(* Consider the reaction network (BI)+(BII) on the twelve species $\mathrm{NE}_i,\mathrm{NI}_i,\mathrm{N}_i,\mathrm{D}_i,\mathrm{T}_i,\mathrm{C}_i$ ($i=1,2$) with the irreversible reactions \[ \begin{aligned} &11:\ \mathrm{NI}_1+\mathrm{NE}_1\to \mathrm{N}_1, && 21:\ \mathrm{NI}_2+\mathrm{NE}_2\to \mathrm{N}_2,\\ &12:\ \mathrm{N}_1+\mathrm{D}_2\to \mathrm{NI}_1+\mathrm{T}_2, && 22:\ \mathrm{N}_2+\mathrm{D}_1\to \mathrm{NI}_2+\mathrm{T}_1,\\ &13:\ \mathrm{T}_1\to \mathrm{NE}_1+\mathrm{D}_1, && 23:\ \mathrm{T}_2\to \mathrm{NE}_2+\mathrm{D}_2,\\ &14:\ \mathrm{N}_1+\mathrm{D}_1\to \mathrm{C}_1, && 24:\ \mathrm{N}_2+\mathrm{D}_2\to \mathrm{C}_2,\\ &15:\ \mathrm{C}_1\to \mathrm{N}_1+\mathrm{D}_1, && 25:\ \mathrm{C}_2\to \mathrm{N}_2+\mathrm{D}_2, \end{aligned} \] and the associated ODE system \[ \begin{cases} [\dot{\mathrm{NE}}_1]=-r_{11}([\mathrm{NI}_1],[\mathrm{NE}_1])+r_{13}([\mathrm{T}_1]),\\ [\dot{\mathrm{NI}}_1]=r_{12}([\mathrm{N}_1],[\mathrm{D}_2])-r_{11}([\mathrm{NI}_1],[\mathrm{NE}_1]),\\ [\dot{\mathrm{N}}_1]=-r_{12}([\mathrm{N}_1],[\mathrm{D}_2])+r_{11}([\mathrm{NI}_1],[\mathrm{NE}_1])+r_{15}([\mathrm{C}_1])-r_{14}([\mathrm{N}_1],[\mathrm{D}_1]),\\ [\dot{\mathrm{D}}_1]=r_{13}([\mathrm{T}_1])-r_{22}([\mathrm{N}_2],[\mathrm{D}_1])+r_{15}([\mathrm{C}_1])-r_{14}([\mathrm{N}_1],[\mathrm{D}_1]),\\ [\dot{\mathrm{T}}_1]=-r_{13}([\mathrm{T}_1])+r_{22}([\mathrm{N}_2],[\mathrm{D}_1]),\\ [\dot{\mathrm{C}}_1]=-r_{15}([\mathrm{C}_1])+r_{14}([\mathrm{N}_1],[\mathrm{D}_1]),\\ [\dot{\mathrm{NE}}_2]=-r_{21}([\mathrm{NI}_2],[\mathrm{NE}_2])+r_{23}([\mathrm{T}_2]),\\ [\dot{\mathrm{NI}}_2]=r_{22}([\mathrm{N}_2],[\mathrm{D}_1])-r_{21}([\mathrm{NI}_2],[\mathrm{NE}_2]),\\ [\dot{\mathrm{N}}_2]=-r_{22}([\mathrm{N}_2],[\mathrm{D}_1])+r_{21}([\mathrm{NI}_2],[\mathrm{NE}_2])+r_{25}([\mathrm{C}_2])-r_{24}([\mathrm{N}_2],[\mathrm{D}_2]),\\ [\dot{\mathrm{D}}_2]=-r_{12}([\mathrm{N}_1],[\mathrm{D}_2])+r_{23}([\mathrm{T}_2])+r_{25}([\mathrm{C}_2])-r_{24}([\mathrm{N}_2],[\mathrm{D}_2]),\\ [\dot{\mathrm{T}}_2]=r_{12}([\mathrm{N}_1],[\mathrm{D}_2])-r_{23}([\mathrm{T}_2]),\\ [\dot{\mathrm{C}}_2]=-r_{25}([\mathrm{C}_2])+r_{24}([\mathrm{N}_2],[\mathrm{D}_2]), \end{cases} \] with the kinetic symmetry constraints $r_{1k}\equiv r_{2k}$ for $k=1,2,3,4,5$. Then the system has the capacity for zero-eigenvalue bifurcations and thus for differentiation. Moreover, up to the symmetry swapping the cell indices $1\leftrightarrow2$, there are exactly three instability motifs associated to unstable-positive feedbacks, namely, for $(j,k)=(1,2)$ and $(j,k)=(2,1)$: (a) species $\{\mathrm{NI}_j,\mathrm{N}_j,\mathrm{D}_j,\mathrm{N}_k,\mathrm{D}_k\}$ with reactions $\{j1,j2,j4,k2,k4\}$; (b) species $\{\mathrm{T}_j,\mathrm{D}_j,\mathrm{N}_j,\mathrm{N}_k,\mathrm{D}_k\}$ with reactions $\{j2,j3,j4,k2,k4\}$; (c) species $\{\mathrm{NI}_j,\mathrm{N}_j,\mathrm{D}_j,\mathrm{NE}_k,\mathrm{N}_k,\mathrm{T}_k\}$ with reactions $\{j1,j2,j4,k1,k2,k3\}$. All three motifs identify non-autocatalytic positive feedback, and the network (BI)+(BII) is non-autocatalytic.
   Context: General setting. A reaction network has species $X_1,\dots,X_M$ and irreversible reactions $j:\ \sum_m s^j_m X_m\to\sum_m \tilde s^j_m X_m$ with nonnegative stoichiometric coefficients; $X_m$ is a reactant of $j$ if $s^j_m>0$. The stoichiometric matrix is $S_{mj}=\tilde s^j_m-s^j_m$; the ODE system is $\dot x=S\mathbf r(x)$ with rates $r_j$ that are monotone chemical: (i) $r_j\ge0$ on $\mathbb R^M_{\ge0}$; (ii) $r_j(x)>0$ iff $x_m>0$ for all reactants $X_m$ of $j$; (iii) $\partial r_j/\partial x_m\equiv0$ if $X_m$ is not a reactant of $j$; (iv) $\partial r_j/\partial x_m>0$ for $x>0$ and $X_m$ a reactant of $j$. Kinetics are assumed parameter-rich: at any positive steady state the partial derivatives $\partial r_j/\partial x_m$ (for reactants) can be prescribed as arbitrary positive numbers. Symbolic analysis: $R$ is the symbolic reactivity matrix ($R_{jm}=r_{jm}>0$ a symbol if $X_m$ is a reactant of $j$, else $0$), $G=SR$ the symbolic Jacobian, $n=\dim\ker S^T$, and $a_{M-n}$ the sum of the principal minors of order $M-n$ of $G$ (for a nondegenerate network, the determinant of the Jacobian restricted to a stoichiometric compatibility class $(x_0+\operatorname{Im}S)\cap\mathbb R^M_{>0}$). The network has the capacity for zero-eigenvalue bifurcation (differentiation) if there exist positive symbol values with $a_{M-n}=0$ satisfying kinetic symmetry at a homogeneous steady state, i.e. $r_{jm}=r_{\sigma(j)\sigma(m)}$ where $\sigma$ swaps cell indices $1\leftrightarrow2$ of reactions and species. A $k$-Child-Selection (CS) triple $(\kappa,E_\kappa,J)$: $k$ species $\kappa$, $k$ reactions $E_\kappa$, bijection $J:\kappa\to E_\kappa$ with each $X_m\in\kappa$ a reactant of $J(X_m)$; its CS-matrix is $S[\kappa]_{ml}=S_{m,J(X_l)}$, $X_m,X_l\in\kappa$. An unstable-positive feedback is a $k\times k$ CS-matrix with $\operatorname{sign}\det S[\kappa]=(-1)^{k-1}$ such that no principal $k'\times k'$ submatrix, $k'<k$, has determinant of sign $(-1)^{k'-1}$. Its instability motif is the subnetwork with species $\kappa$ and reactions $E_\kappa$ (species outside $\kappa$ are disregarded). An unstable-positive feedback is autocatalytic if it is a Metzler matrix (nonnegative off-diagonal entries); a network is autocatalytic if it has an autocatalytic unstable-positive feedback, non-autocatalytic otherwise. Reaction labels $jk$ denote reaction number $k$ of cell $j$ in the list above. *)

From HB Require Import structures.
From mathcomp Require Import all_boot all_order all_algebra.
From mathcomp Require Export reals.
Set Implicit Arguments. Unset Strict Implicit. Unset Printing Implicit Defensive.
Import Order.TTheory GRing.Theory Num.Theory.
Local Open Scope ring_scope.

> Instructions to follow
In the entries above, find lines with "From" and copy each.

> Answer box
From HB Require Import structures.
From mathcomp Require Import all_boot all_order all_algebra.
From mathcomp Require Export reals.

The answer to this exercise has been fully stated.